Environmental carcinogens are metabolized in vivo by enzymatic reactions that are classically divided into two categories: (a) the Phase I enzymes, mediating oxidation and activation, which are almost exclusively cytochrome P450 enzymes; and (b) the Phase II enzymes, mediating glucorinidation, acetylation, or conjugation with glutathione-S and most often creating a more water-soluble conjugate, which may be less toxic and more readily excretable (12) . Polymorphisms in several genes of these enzymatic pathways are believed to be key factors in determining cancer susceptibility to toxic or environmental chemicals (13) . GSTs are involved in the conjugation of several environmental pollutants as polyaromatic hydrocarbons but also of anticancer drugs, including alkylating agents, anthracyclines, and cyclophosphamide (14, 15, 16) . Conjugation of substrates is not necessarily beneficial, because conjugation of monohalomethanes and ethylene oxide by the GST class enzymes is detoxifying, whereas conjugation of the chemical dichloromethane or brominated tri-halomethanes by the same enzyme yields a mutagenic metabolite (16) . Moreover, also cytoprotective agents, such as phenethylisothiocyanate, a strong inducer of Phase II detoxifying enzymes, are substrates of GST enzymes (17) . Thus, enzymatic deficiencies of GST enzymes have complex metabolic consequences, and the kind of exposure is suspected to be important whether the GST genotype confers a decreased or increased risk of cancer.
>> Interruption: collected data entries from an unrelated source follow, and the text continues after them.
Lemma tangent_coneD x a b : closed C -> clarke_regular C -> C x ->
  TC x a -> TC x b -> TC x (a + b).
Proof.
move=> Ccl creg Cx [xk [dk [Cxk [dk_gt0 [xkx [dk0 xka]]]]]] Tb.
pose p k := xk k + dk k *: b.
have /choice [z /all_and2 [Cz zmin]] : forall k, exists z, C z /\
    forall w, C w -> `|p k - z| <= `|p k - w|.
  by move=> k; have [z] := closed_nearest (p k) Ccl Cx; exists z.
apply: (tangent_cone_seq Cz dk_gt0 dk0).
have -> : (fun k => (dk k)^-1 *: (z k - x)) =
    (fun k => (dk k)^-1 *: (xk k - x) + b - (dk k)^-1 *: (p k - z k)).
  apply/funext => k; have dk_neq0 : dk k != 0 by rewrite gt_eqF.
  by apply/matrixP => i j; rewrite !mxE; field.
rewrite -[a + b]subr0; apply: cvgB; first by apply: cvgD => //; exact: cvg_cst.
apply/cvgr0Pnorm_lt => eps eps_gt0; have eps2_gt0 : 0 < eps / 2 by rewrite divr_gt0.
have [d d_gt0 unif] := clarke_regular_uniform_tangent Ccl creg Cx Tb eps2_gt0.
have bd_gt0 : 0 < d / (`|b| + eps / 2) by rewrite divr_gt0 // ltr_wpDl.
near=> k.
have [w Cw pw] : ray_near (xk k) b (eps / 2) (dk k).
  apply: unif => //.
    by rewrite distrC; near: k; exact: (cvgrPdist_lt _ _).1 xkx _ d_gt0.
  rewrite -ltr_pdivlMr ?ltr_wpDl //.
  have : `|0 - dk k| < d / (`|b| + eps / 2).
    by near: k; exact: (cvgrPdist_lt _ _).1 dk0 _ bd_gt0.
  by rewrite sub0r normrN gtr0_norm.
rewrite normrZ gtr0_norm ?invr_gt0 // ltr_pdivrMl //.
apply: le_lt_trans (le_trans (zmin k w Cw) (pw : `|p k - w| <= _)) _.
by have := dk_gt0 k; nra.
Unshelve. all: by end_near.
Qed.

Lemma derive_tangent_cone_seq (x : R -> 'cV[R]_n) t (h : nat -> R) sg :
  derivable x t 1 -> (forall k, C (x (t + h k))) -> (forall k, 0 < sg * h k) ->
  h @ \oo --> 0 -> TC (x t) (sg^-1 *: 'D_1 x t).
Proof.
move=> dx Cx sgh h0.
have h_neq0 k : h k != 0 by apply/eqP => hk0; have := sgh k; rewrite hk0 mulr0 ltxx.
pose q r := r^-1 *: ((x \o shift t) (r *: 1) - x t).
have qD : q r @[r --> 0^'] --> 'D_1 x t := dx.
have h0' : h @ \oo --> 0^'.
  move=> P P0; apply: (@filterS _ \oo _ (h @^-1` [set r | r != 0 -> P r]) (h @^-1` P) _ (h0 _ P0)).
  by move=> k /= Ph; exact: Ph (h_neq0 k).
apply: (tangent_cone_seq Cx sgh).
  by rewrite -(mulr0 sg); exact: cvgM (cvg_cst _) h0.
have -> : (fun k => (sg * h k)^-1 *: (x (t + h k) - x t)) = (fun k => sg^-1 *: q (h k)).
  apply/funext => k; rewrite invfM -scalerA /q /= /shift.
  have -> : (h k)%:A = h k :> R by exact: mulr1.
  by rewrite [h k + t]addrC.
exact: cvgZ (cvg_cst _) (cvg_comp _ _ h0' qD).
Qed.

Lemma derive_tangent_cone (x : R -> 'cV[R]_n) t T :
  (forall s, 0 <= s <= T -> C (x s)) -> 0 < t < T -> derivable x t 1 ->
  TC (x t) ('D_1 x t) /\ TC (x t) (- 'D_1 x t).
Proof.
move=> Cx /andP[t_gt0 tT] dx.
have harm_gt0 k : 0 < harmonic k :> R by rewrite /harmonic /= invr_gt0.
have harm_le1 k : harmonic k <= 1 :> R by rewrite /harmonic /= invf_le1 // ler1n.
have scaled_harmonic (c : R) : (fun k => c * harmonic k) @ \oo --> 0.
  by rewrite -(mulr0 c); exact: cvgM (cvg_cst _) (@cvg_harmonic R).
split.
  rewrite -[X in TC _ X]scale1r -[X in X *: _]invr1.
  apply: (derive_tangent_cone_seq (h := fun k => (T - t) * harmonic k)) => // [k|k].
    apply: Cx; have := harm_gt0 k; have := harm_le1 k; nra.
  by rewrite mul1r mulr_gt0 // subr_gt0.
rewrite -scaleN1r -[X in X *: _]invrN1.
apply: (derive_tangent_cone_seq (h := fun k => - (t * harmonic k))) => // [k|k|].
- apply: Cx; have := harm_gt0 k; have := harm_le1 k; nra.
- by rewrite mulN1r opprK mulr_gt0.
- by rewrite -oppr0; exact: cvgN.
Qed.

End tangent_cone.

Section cone_projection.
Variables (R : realType) (n : nat) (G : 'M[R]_n) (K : set 'cV[R]_n) (f v : 'cV[R]_n).
Hypothesis spdG : spd G.
Let gminnerCG u w := gminnerC u w (proj1 spdG).

Lemma argmin_polar : (forall s w, 0 < s -> K w -> K (v + s *: w)) ->
  (forall w, K w -> gmnorm G (v - f) <= gmnorm G (w - f)) ->
  forall w, K w -> gminner G (f - v) w <= 0.
Proof.
move=> Kshift vmin w Kw; rewrite -opprB gminnerNl oppr_le0.
apply: gminner_ge0_of_min => // s s_gt0.
have := vmin _ (Kshift _ _ s_gt0 Kw); rewrite ler_gmnorm //.
by rewrite addrAC.
Qed.

Lemma polar_argmin : K (- v) -> (forall w, K w -> gminner G (f - v) w <= 0) ->
  forall w, K w -> gmnorm G (v - f) <= gmnorm G (w - f).
Proof.
move=> Knv polar w Kw; rewrite ler_gmnorm //.
have := polar _ Kw; have := polar _ Knv; have := gminner_ge0 spdG (w - v).
rewrite !gminnerE !(gminnerCG v) !(gminnerCG w) (gminnerCG f v).
lra.
Qed.

Lemma polar_gmnorm_le : K v -> K (- v) -> (forall w, K w -> gminner G (f - v) w <= 0) ->
  gmnorm G (f - v) <= gmnorm G f.
Proof.
move=> Kv Knv polar; rewrite ler_gmnorm //.
have := polar _ Kv; have := polar _ Knv; have := gminner_ge0 spdG v.
rewrite !gminnerE !(gminnerCG v).
lra.
Qed.

End cone_projection.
Polymorphic deletions in two GST genes, GSTM1 and GSTT1, are present in a large proportion of the population (15 , 16) . Homozygous deletions cause loss of enzymatic function and have been shown to be important risk factors for solid tumors (13) . More recently, the role of GST genotypes in the pathogenesis of hematological neoplasms, in particular of acute leukemias, has been addressed (18, 19, 20, 21) . There are only few reports thus far on the association of GST genotypes and lymphoma risk (22, 23, 24) . A recent review discussed the potential role for GST polymorphisms in the etiology of treatment-related complications in Hodgkin’s disease (25) .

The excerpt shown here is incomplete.